(Stored items)
· · · · ·
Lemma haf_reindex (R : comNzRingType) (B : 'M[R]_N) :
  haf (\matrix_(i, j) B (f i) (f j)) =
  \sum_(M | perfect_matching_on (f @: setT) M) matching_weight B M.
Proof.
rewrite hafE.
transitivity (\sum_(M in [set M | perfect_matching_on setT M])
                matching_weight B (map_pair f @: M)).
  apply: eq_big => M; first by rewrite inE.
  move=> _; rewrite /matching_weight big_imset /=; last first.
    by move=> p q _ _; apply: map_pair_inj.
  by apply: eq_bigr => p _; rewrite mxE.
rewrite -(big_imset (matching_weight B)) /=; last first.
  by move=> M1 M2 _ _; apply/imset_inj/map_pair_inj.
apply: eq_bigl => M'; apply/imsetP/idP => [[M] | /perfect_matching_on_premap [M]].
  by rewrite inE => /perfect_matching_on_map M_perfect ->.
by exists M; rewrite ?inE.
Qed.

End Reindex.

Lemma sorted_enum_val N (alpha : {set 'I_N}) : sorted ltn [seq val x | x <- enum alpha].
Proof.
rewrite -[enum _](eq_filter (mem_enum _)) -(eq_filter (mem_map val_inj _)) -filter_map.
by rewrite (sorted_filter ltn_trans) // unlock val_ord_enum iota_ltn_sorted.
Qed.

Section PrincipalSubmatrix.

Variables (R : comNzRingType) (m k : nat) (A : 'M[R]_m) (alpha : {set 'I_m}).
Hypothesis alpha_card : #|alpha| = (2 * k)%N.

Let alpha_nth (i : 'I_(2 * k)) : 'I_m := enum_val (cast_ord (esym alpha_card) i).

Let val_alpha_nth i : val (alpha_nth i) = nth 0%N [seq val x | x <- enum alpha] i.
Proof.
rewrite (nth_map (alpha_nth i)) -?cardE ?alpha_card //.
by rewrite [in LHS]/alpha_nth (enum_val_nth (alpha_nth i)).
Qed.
· · · · ·
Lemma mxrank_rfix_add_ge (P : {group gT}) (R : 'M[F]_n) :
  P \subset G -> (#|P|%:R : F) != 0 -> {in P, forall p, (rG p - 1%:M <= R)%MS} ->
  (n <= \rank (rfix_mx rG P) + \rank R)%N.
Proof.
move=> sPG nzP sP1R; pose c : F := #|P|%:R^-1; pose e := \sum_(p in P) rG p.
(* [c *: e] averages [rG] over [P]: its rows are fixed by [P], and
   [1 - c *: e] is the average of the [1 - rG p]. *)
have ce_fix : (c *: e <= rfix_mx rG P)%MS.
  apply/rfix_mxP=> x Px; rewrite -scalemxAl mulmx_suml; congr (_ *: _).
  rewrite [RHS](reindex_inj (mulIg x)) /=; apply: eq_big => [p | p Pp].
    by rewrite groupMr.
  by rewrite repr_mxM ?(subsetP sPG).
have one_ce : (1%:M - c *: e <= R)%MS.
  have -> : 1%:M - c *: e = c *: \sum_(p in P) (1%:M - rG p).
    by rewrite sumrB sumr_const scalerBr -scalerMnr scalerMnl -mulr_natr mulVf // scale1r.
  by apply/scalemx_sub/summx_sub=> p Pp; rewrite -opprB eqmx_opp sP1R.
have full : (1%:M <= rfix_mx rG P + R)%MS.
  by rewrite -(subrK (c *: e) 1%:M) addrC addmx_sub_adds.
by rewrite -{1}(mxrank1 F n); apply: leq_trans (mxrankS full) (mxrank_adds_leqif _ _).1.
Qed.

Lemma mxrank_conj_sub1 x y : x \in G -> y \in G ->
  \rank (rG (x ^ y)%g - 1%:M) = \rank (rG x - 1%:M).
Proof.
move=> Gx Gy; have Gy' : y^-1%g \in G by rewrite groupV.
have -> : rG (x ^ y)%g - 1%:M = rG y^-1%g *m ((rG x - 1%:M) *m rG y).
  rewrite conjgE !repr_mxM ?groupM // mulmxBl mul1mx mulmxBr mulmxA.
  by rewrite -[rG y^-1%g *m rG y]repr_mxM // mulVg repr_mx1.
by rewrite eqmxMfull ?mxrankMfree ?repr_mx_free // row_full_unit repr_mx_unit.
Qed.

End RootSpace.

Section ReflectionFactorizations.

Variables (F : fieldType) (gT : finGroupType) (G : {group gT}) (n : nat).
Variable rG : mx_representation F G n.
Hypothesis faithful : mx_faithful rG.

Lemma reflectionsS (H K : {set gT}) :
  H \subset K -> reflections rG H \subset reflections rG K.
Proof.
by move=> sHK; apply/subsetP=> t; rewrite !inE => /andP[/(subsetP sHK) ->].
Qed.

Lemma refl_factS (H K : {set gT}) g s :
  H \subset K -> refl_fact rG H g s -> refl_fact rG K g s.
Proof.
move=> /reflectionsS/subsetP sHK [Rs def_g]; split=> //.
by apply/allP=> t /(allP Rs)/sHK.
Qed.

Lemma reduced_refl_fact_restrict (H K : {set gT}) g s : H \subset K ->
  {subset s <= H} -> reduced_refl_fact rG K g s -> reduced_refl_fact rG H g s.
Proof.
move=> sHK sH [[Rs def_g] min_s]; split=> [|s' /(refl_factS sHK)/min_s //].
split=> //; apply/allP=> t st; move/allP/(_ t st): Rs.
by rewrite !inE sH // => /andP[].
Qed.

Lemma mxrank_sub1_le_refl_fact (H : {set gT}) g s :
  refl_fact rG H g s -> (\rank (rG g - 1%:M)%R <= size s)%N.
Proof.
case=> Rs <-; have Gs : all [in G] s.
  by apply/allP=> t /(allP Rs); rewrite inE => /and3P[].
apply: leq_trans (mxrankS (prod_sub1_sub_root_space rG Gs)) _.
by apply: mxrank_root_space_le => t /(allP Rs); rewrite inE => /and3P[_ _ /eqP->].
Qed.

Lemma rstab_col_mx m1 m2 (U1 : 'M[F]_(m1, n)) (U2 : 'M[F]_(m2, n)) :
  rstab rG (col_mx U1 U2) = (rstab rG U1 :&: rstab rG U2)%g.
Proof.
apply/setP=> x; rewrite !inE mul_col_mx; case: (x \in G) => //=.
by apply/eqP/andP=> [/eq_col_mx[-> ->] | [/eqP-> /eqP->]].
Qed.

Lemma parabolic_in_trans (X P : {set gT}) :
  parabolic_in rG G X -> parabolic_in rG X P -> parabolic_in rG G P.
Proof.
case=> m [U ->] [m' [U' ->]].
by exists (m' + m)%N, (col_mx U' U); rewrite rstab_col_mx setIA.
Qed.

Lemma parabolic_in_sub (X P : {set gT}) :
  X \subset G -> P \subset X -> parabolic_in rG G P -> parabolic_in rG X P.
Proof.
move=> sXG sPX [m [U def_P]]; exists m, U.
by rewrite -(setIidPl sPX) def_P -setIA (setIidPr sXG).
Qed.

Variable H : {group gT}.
· · · · ·
ACTIVITY: How many of the lines above include the string "exists"? Give only the number.

REPLY TO THE EXERCISE: 3